Sun Microsystems announced today that one of the largest technical
universities in Europe has selected its Sun Fire 6800 servers running the Solaris Operating Environment as well as Sun’s GRID
Engine networking software to build one of the largest supercomputers in the world.
Aachen site selected as Sun Center of Excellence for computational fluid dynamics.
The University of Technology (Rheinisch-Westflische Technische Hochschule – RWTH) at Aachen selected the Sun computing platform over
rivals, IBM, SGI, Compaq and Hewlett-Packard. As one of the biggest SMP (symmetric multiprocessing) clusters in the world, the system’s
integrated graphics and GRID computing will support large computational fluid dynamics simulations, as well as other compute-intensive
applications. With the computing power of 2.3 Teraflops, trillions of floating point operations per second, in its final stage in 2002, the
supercomputer at Aachen represents Sun’s largest high performance computing (HPC) installation to date.

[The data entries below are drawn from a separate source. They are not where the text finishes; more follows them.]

(* Let $(V,\mathcal H,\iota,W)$ be an abelian generalized functional theory with set of weights $\Omega$. Then the set of representable densities $\iota^*(\mathcal P)=\iota^*(\mathcal E)=\mathrm{conv}(\Omega)$ is a convex polytope of dimension $\dim V-\dim\iota^{-1}(\mathrm{span}\{\mathbb 1\})$.
   Context: A generalized functional theory is a tuple $(V,\mathcal H,\iota,W)$ with $V$ a finite-dimensional real vector space, $\mathcal H$ a finite-dimensional complex Hilbert space, $\iota:V\to i\mathfrak u(\mathcal H)$ linear into the Hermitian operators, $W$ Hermitian. States are regarded as elements of $(i\mathfrak u(\mathcal H))^*$ via the trace pairing; $\iota^*$ is the dual map; $\mathcal P$ = pure states, $\mathcal E$ = density operators; $\mathbb 1$ is the identity on $\mathcal H$. The theory is abelian if $[\iota(v),\iota(v')]=0$ for all $v,v'$. A weight is $\alpha\in V^*$ such that some nonzero $\psi$ satisfies $\iota(v)\psi=\langle\alpha,v\rangle\psi$ for all $v$; $\Omega$ denotes the (finite) set of weights. *)

From HB Require Import structures.
From mathcomp Require Import all_boot all_order all_algebra.
From mathcomp Require Import complex.
From mathcomp Require Import boolp classical_sets reals.
Set Implicit Arguments. Unset Strict Implicit. Unset Printing Implicit Defensive.
Import Order.TTheory GRing.Theory Num.Theory.
Local Open Scope ring_scope.
Local Open Scope classical_set_scope.
Local Open Scope complex_scope.

(* Conventions: V = R^n (row vectors 'rV[R]_n), V^* identified with 'rV[R]_n
   via the pairing  <alpha, v> = sum_k alpha_k v_k ;
   H = C^(m+1) (a nonzero finite-dim complex Hilbert space), operators are
   'M[R[i]]_(m.+1). *)

Section Defs.
Variable R : realType.
Local Notation C := (R[i]).

Definition pairing n (alpha v : 'rV[R]_n) : R := \sum_k alpha 0 k * v 0 k.

Definition ctr p q (A : 'M[C]_(p, q)) : 'M[C]_(q, p) := (map_mx Num.conj A)^T.

Definition herm_op p (A : 'M[C]_p) : Prop := ctr A = A.

Definition real_linear n p (iota : 'rV[R]_n -> 'M[C]_p) : Prop :=
  forall (a : R) (v w : 'rV[R]_n), iota (a *: v + w) = a%:C *: iota v + iota w.

Definition abelian_theory n p (iota : 'rV[R]_n -> 'M[C]_p) : Prop :=
  forall v v', iota v *m iota v' = iota v' *m iota v.

Definition pure_states p : set 'M[C]_p :=
  [set rho | exists psi : 'cV[C]_p, ctr psi *m psi = 1 /\ rho = psi *m ctr psi].

Definition density_ops p : set 'M[C]_p :=
  [set rho | herm_op rho /\ (forall x : 'cV[C]_p, 0 <= (ctr x *m rho *m x) 0 0)
             /\ \tr rho = 1].

(* iota^* (X): image of a set of states under the dual map, states acting on
   Hermitian operators by the trace pairing rho(A) = tr(rho A). *)
Definition iota_star n p (iota : 'rV[R]_n -> 'M[C]_p) (X : set 'M[C]_p)
  : set 'rV[R]_n :=
  [set alpha | exists rho, X rho /\
     forall v, \tr (rho *m iota v) = (pairing alpha v)%:C].

Definition weights n p (iota : 'rV[R]_n -> 'M[C]_p) : set 'rV[R]_n :=
  [set alpha | exists psi : 'cV[C]_p, psi != 0 /\
     forall v, iota v *m psi = (pairing alpha v)%:C *: psi].

Definition conv n (S : set 'rV[R]_n) : set 'rV[R]_n :=
  [set x | exists k (s : 'I_k -> 'rV[R]_n) (l : 'I_k -> R),
     (forall i, S (s i)) /\ (forall i, 0 <= l i) /\ \sum_i l i = 1 /\
     x = \sum_i l i *: s i].

Definition is_polytope n (S : set 'rV[R]_n) : Prop :=
  exists s : seq 'rV[R]_n, S = conv [set` s].

Definition subspace_dim n (K : set 'rV[R]_n) (d : nat) : Prop :=
  exists k (M : 'M[R]_(k, n)), (forall v, K v <-> (v <= M)%MS) /\ \rank M = d.

Definition affine_dim n (S : set 'rV[R]_n) (d : nat) : Prop :=
  exists k (M : 'M[R]_(k, n)),
    (forall i, exists x y, S x /\ S y /\ row i M = x - y) /\
    (forall x y, S x -> S y -> (x - y <= M)%MS) /\ \rank M = d.

Definition preimage_span1 n p (iota : 'rV[R]_n -> 'M[C]_p) : set 'rV[R]_n :=
  [set v | exists c : R, iota v = c%:C%:M].

End Defs.

From HB Require Import structures.
From mathcomp Require Import all_boot all_order all_algebra.
From mathcomp Require Import complex.
From mathcomp Require Import boolp classical_sets reals.
Import Order.TTheory GRing.Theory Num.Theory.
Local Open Scope ring_scope.
Local Open Scope classical_set_scope.
Local Open Scope complex_scope.
Set Implicit Arguments. Unset Strict Implicit. Unset Printing Implicit Defensive.

(* Commuting Hermitian matrices are simultaneously unitarily diagonalisable, so
   there are a unitary U and a_0, ..., a_m in V^* with
   U iota(v) U^* = diag(<a_j, v>) for all v; the a_j are exactly the weights.
   Through iota^*, a state rho only sees the diagonal of U rho U^*, which is a
   probability vector, so iota^*(E) lies in conv(Omega); conversely the pure
   state with amplitudes sqrt(mu_j) in the eigenbasis is sent to
   sum_j mu_j a_j.  Finally iota(v) is scalar iff all <a_j, v> coincide, i.e.
   iff v annihilates the differences a_j - a_0, which span the direction of
   the affine hull of conv(Omega); rank-nullity gives the dimension. *)

Section ConjTranspose.
Variable R : realType.

Lemma ctr_mul p q r (A : 'M[R[i]]_(p, q)) (B : 'M[R[i]]_(q, r)) :
  ctr (A *m B) = ctr B *m ctr A.
Proof. by rewrite /ctr map_mxM trmx_mul. Qed.

Lemma ctrK p q (A : 'M[R[i]]_(p, q)) : ctr (ctr A) = A.
Proof. by apply/matrixP => i j; rewrite !mxE conjCK. Qed.

Lemma ctrE p q (A : 'M[R[i]]_(p, q)) i j : ctr A i j = (A j i)^*%R.
Proof. by rewrite !mxE. Qed.

Lemma ctr_delta p (j : 'I_p) : ctr (delta_mx j 0 : 'cV[R[i]]_p) = delta_mx 0 j.
Proof. by apply/matrixP => i k; rewrite !mxE andbC rmorph_nat. Qed.

Lemma herm_trig_diag p (A : 'M[R[i]]_p) :
  herm_op A -> is_trig_mx A -> A = diag_mx (\row_j (complex.Re (A j j))%:C).
Proof.
move=> hermA /is_trig_mxP trigA; apply/matrixP => i j; rewrite !mxE.
have Aconj k l : A k l = (A l k)^*%R by rewrite -{1}hermA ctrE.
case: (eqVneq i j) => [<-|nij].
  by rewrite mulr1n RRe_real //; apply/CrealP; rewrite -Aconj.
rewrite mulr0n; case: (ltngtP i j) => [ij|ji|/val_inj eij]; first exact: trigA.
  by rewrite Aconj trigA // conjC0.
by rewrite eij eqxx in nij.
Qed.

End ConjTranspose.

Section Pairing.
Variables (R : realType) (n : nat).

Lemma pairingE (x v : 'rV[R]_n) : pairing x v = (x *m v^T) 0 0.
Proof. by rewrite mxE; apply: eq_bigr => k _; rewrite mxE. Qed.

Lemma pairing_delta (x : 'rV[R]_n) k : pairing x (delta_mx 0 k) = x 0 k.
Proof.
rewrite /pairing (bigD1 k) //= mxE !eqxx mulr1 big1 ?addr0 // => j njk.
by rewrite mxE (negbTE njk) andbF mulr0.
Qed.

Lemma pairing_inj (x y : 'rV[R]_n) :
  (forall v, pairing x v = pairing y v) -> x = y.
Proof. by move=> xy; apply/rowP => k; rewrite -!pairing_delta xy. Qed.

“We chose Sun for their computational power, extensive software offering and versatility,” said Christian Bischof, Professor for
high-performance computing at the RWTH. “Sun’s Sun Fire servers will allow us to boost current HPC applications, champion new HPC
opportunities and function as a computing portal for researchers at the University and in the State of Northrhine-Westphalia.”
As one of the leading technical universities in Europe, RWTH Aachen has been selected as the Sun Center of Excellence for Computational
Fluid Dynamics. “Adopting the role as Sun Center of Excellence provides Aachen with exposure as an institution that is advanced in its use of
technology, and expands future partnership opportunities with Sun’s Global Education and Research group as Sun continues to drive massive
scalability for Internet based applications,” said Joerg Schwarz, Manager for Scientific & Engineering Computing, Global Education & Research at
Sun.
The installation of 32 Sun Fire 6800 servers will be staged over the next two years, starting in April 2001.